Objective: This study aimed to evaluate whether ChatGPT-4 can function as a virtual outpatient assistant in the management of puerperal mastitis by assessing the accuracy, clarity, and clinical safety of its responses to frequently asked patient questions in Turkish.

Methods: Fifteen questions about puerperal mastitis were sourced from public health care websites and online forums. These questions were categorized into general information (n=2), symptoms and diagnosis (n=6), treatment (n=2), and prognosis (n=5). Each question was entered into ChatGPT-4 (September 3, 2024), and a single Turkish-language response was obtained. The responses were evaluated by a panel consisting of 3 board-certified general surgeons and 2 general surgery residents, using five criteria: sufficient length, patient-understandable language, accuracy, adherence to current guidelines, and patient safety. Quantitative metrics included the DISCERN score, Flesch-Kincaid readability score, and inter-rater reliability assessed using the intraclass correlation coefficient (ICC).

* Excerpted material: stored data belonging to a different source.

Lemma wedged_pt_on (O Y Z : pt) (p q : R) :
  det3 O Y Z <> 0 -> 0 <= p -> p < q -> q <= 1 ->
  sqrt 3 * (q - p) * dot3 O Y Z <= (p + q) * Rabs (det3 O Y Z) ->
  sqrt 3 * (q - p) * dot3 Y O Z <= (2 - p - q) * Rabs (det3 O Y Z) ->
  exists S, wedged O Y Z O Y (pt_on O Y p) (pt_on O Y q) S.
Proof.
  intros HD Hp Hpq Hq Hv Hu.
  rewrite <- sqdist_sub_dot3 in Hu.
  pose proof (sqdist_pos_of_det3 O Y Z HD) as HL.
  set (D := det3 O Y Z) in *. set (g := dot3 O Y Z) in *. set (L := sqdist O Y) in *.
  pose proof (Rabs_pos_lt D HD) as Ha. pose proof (Rabs_sqr_eq D) as EDD.
  pose proof sqrt3_pos.
  destruct (orientation_factor D) as [k [Hk HkD]].
  set (S := apex (pt_on O Y p) (pt_on O Y q) k).
  assert (Hne : pt_on O Y p <> pt_on O Y q).
  { intros E. pose proof (sqdist_pt_on O Y p q) as Sq.
    rewrite E in Sq. unfold sqdist at 1 in Sq. ring_simplify in Sq.
    assert (0 < (q - p) ^ 2) by (apply pow_lt; lra). fold L in Sq. nra. }
  assert (Hw : det3 O Y S * D = sqrt 3 / 2 * (q - p) * L * Rabs D).
  { unfold S. rewrite det3_apex_on_base. fold L.
    transitivity ((k * D) * (q - p) * L); [ring | rewrite HkD; ring]. }
  assert (Hv' : det3 O S Z * D = Rabs D / 2 * ((p + q) * Rabs D - sqrt 3 * (q - p) * g)).
  { unfold S. rewrite det3_apex_on_side. fold D g.
    transitivity ((p + q) / 2 * (D * D) - (k * D) * (q - p) * g); [ring|].
    rewrite <- EDD, HkD. field. }
  assert (Hu' : det3 S Y Z * D =
                Rabs D / 2 * ((2 - p - q) * Rabs D - sqrt 3 * (q - p) * (L - g))).
  { rewrite (det3_split O), Rmult_minus_distr_r, Rmult_minus_distr_r, Hw, Hv'.
    fold D. rewrite <- EDD. field. }
  exists S. apply wedged_intro.
  - exact (apex_equilateral _ _ k Hne Hk).
  - exists p; split; [lra | reflexivity].
  - exists q; split; [lra | reflexivity].
  - intros M. apply in_tri_of_on_seg.
  - apply in_tri_of_det3; fold D; [exact HD | rewrite Hu' | rewrite Hv' | rewrite Hw];
      repeat apply Rmult_le_pos; lra.
Qed.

Results: A total of 15 questions were evaluated. ChatGPT’s responses were rated as “excellent” overall by the evaluators, with higher scores observed for treatment- and prognosis-related questions. A statistically significant difference was found in DISCERN scores across question types (P=.01), with treatment and prognosis questions receiving higher ratings. In contrast, no significant differences were detected in evaluator-based ratings (sufficient length, understandability, accuracy, guideline compliance, and patient safety), JAMA benchmark scores, or Flesch-Kincaid readability levels (P>.05 for all). Interrater agreement was good across all evaluation parameters (ICC=0.772); however, agreement varied when assessed by individual criteria. Correlation analyses revealed no significant overall associations between subjective ratings and objective quality measures, although a strong positive correlation between literature compliance and patient safety was identified for one question (r=0.968, P<.001).

Conclusions: ChatGPT demonstrated adequate capability in providing information on puerperal mastitis, particularly for treatment and prognosis. However, evaluator variability and the subjective nature of assessments highlight the need for further optimization of AI tools. Future research should emphasize iterative questioning and dynamic updates to AI knowledge bases to enhance reliability and accessibility.

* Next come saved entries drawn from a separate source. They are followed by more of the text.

Lemma sum_powR_highest S A e0 : uniq S -> e0 \in S -> (forall e, e \in S -> e <= e0) ->
  forall eps, 0 < eps -> exists2 T0, 1 <= T0 & forall t, T0 <= t ->
   `|\sum_(e <- S) A e * powR t e - A e0 * powR t e0| <= eps * powR t e0.
Proof.
move=> uS e0S e0_max eps eps0.
have [|t0 t00 small] := @sum_powR_small [seq e <- S | e != e0] A (fun e => e0 - e) _ eps eps0.
  by move=> e; rewrite mem_filter subr_gt0 lt_def eq_sym => /andP[-> /e0_max].
exists (Num.max 1 t0^-1) => [|t]; first by rewrite le_max lexx.
rewrite ge_max => /andP[t1 tt0]; have t0' : 0 < t by rewrite (lt_le_trans ltr01).
rewrite (bigD1_seq e0) //= addrAC subrr add0r -big_filter.
apply: le_trans (ler_norm_sum _ _ _) _; rewrite -ler_pdivrMr ?powR_gt0 // mulr_suml.
have := small t^-1; rewrite invr_gt0 invf_ple ?posrE // => /(_ t0' tt0).
apply: le_trans; apply: ler_sum => e _; rewrite powR_inv // opprB.
by rewrite normrM (ger0_norm (powR_ge0 _ _)) -mulrA powRB // (gt_eqF t0') implybT.
Qed.

Lemma mul_derive1_sum_powR (b : R -> R) N (c p : 'I_N -> R) t :
  (forall i, 0 < p i) -> (forall s, 0 <= s -> b s = \sum_(i < N) c i * powR s (p i)) ->
  0 < t -> t * derive1 b t = \sum_(i < N) c i * (p i * powR t (p i)).
Proof.
move=> p_gt0 b_sum t0; rewrite derive1E.
have -> : 'D_1 b t = 'D_1 (\sum_(i < N) (fun s => c i * powR s (p i))) t.
  apply: near_eq_derive; near=> s; rewrite fct_sumE b_sum //.
  by apply: ltW; near: s; exact: lt_nbhsr.
have Dpow i : is_derive t 1 (fun s => c i * powR s (p i)) (c i * (p i * powR t (p i - 1))).
  exact: is_deriveZ (is_derive1_powR (p i) t0).
rewrite derive_sum => [|i]; last exact: (Dpow i).(ex_derive).
rewrite big_distrr /=; apply: eq_bigr => i _.
rewrite (Dpow i).(derive_val) mulrCA; congr (_ * _).
by rewrite mulrCA mulr_powRB1 // ltW.
Unshelve. all: end_near. Qed.

Lemma min_mulr_le (k1 k2 w y : R) : 0 <= w ->
  k1 * w <= y \/ k2 * w <= y -> Num.min k1 k2 * w <= y.
Proof.
by move=> w0 [] H; apply: le_trans H; apply: ler_wpM2r => //; rewrite ge_min lexx ?orbT.
Qed.

Lemma powR_rescale_le (m T t e y : R) : 0 <= m -> 0 < t -> t <= T -> 0 <= e ->
  m <= y -> m / powR T e * powR t e <= y.
Proof.
move=> m0 t0 tT e0; have T0 := lt_le_trans t0 tT.
apply: le_trans; rewrite mulrAC -mulrA; apply: ler_piMr m0 _.
rewrite ler_pdivrMr ?powR_gt0 // mul1r.
by apply: ge0_ler_powR => //; rewrite nnegrE; exact: ltW.
Qed.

JMIR Med Inform 2025;13:e68980

doi:10.2196/68980

Keywords



Puerperal mastitis, also known as lactation mastitis, is a disorder that affects approximately 30% of breastfeeding women and may vary from mild inflammation to bacterial abscess formation [1]. This disease, which adversely affects breastfeeding, is monitored by the World Health Organization (WHO) and represents a substantial proportion of outpatient clinic applications in general surgery [2,3].

Artificial intelligence (AI)-based systems are currently regarded as capable of enhancing the workflow and aiding the decision-making process [4]. The health care system, particularly in outpatient management, aims to alleviate the patient burden and thereby enhance patient satisfaction [5]. Recent studies have shown that ChatGPT is capable of providing accurate differential diagnoses in 93.3% of common clinical scenarios, and its responses have achieved high accuracy in fields such as retinal diseases, gynecology, and hepatic disorders. These findings underscore the expanding role of AI-powered tools in enhancing diagnostic reasoning and clinical communication across a wide spectrum of medical disciplines [6-8]. In the future, AI is expected to progress as a conduit between clinical practice and data, thereby enhancing patient care and operations [9].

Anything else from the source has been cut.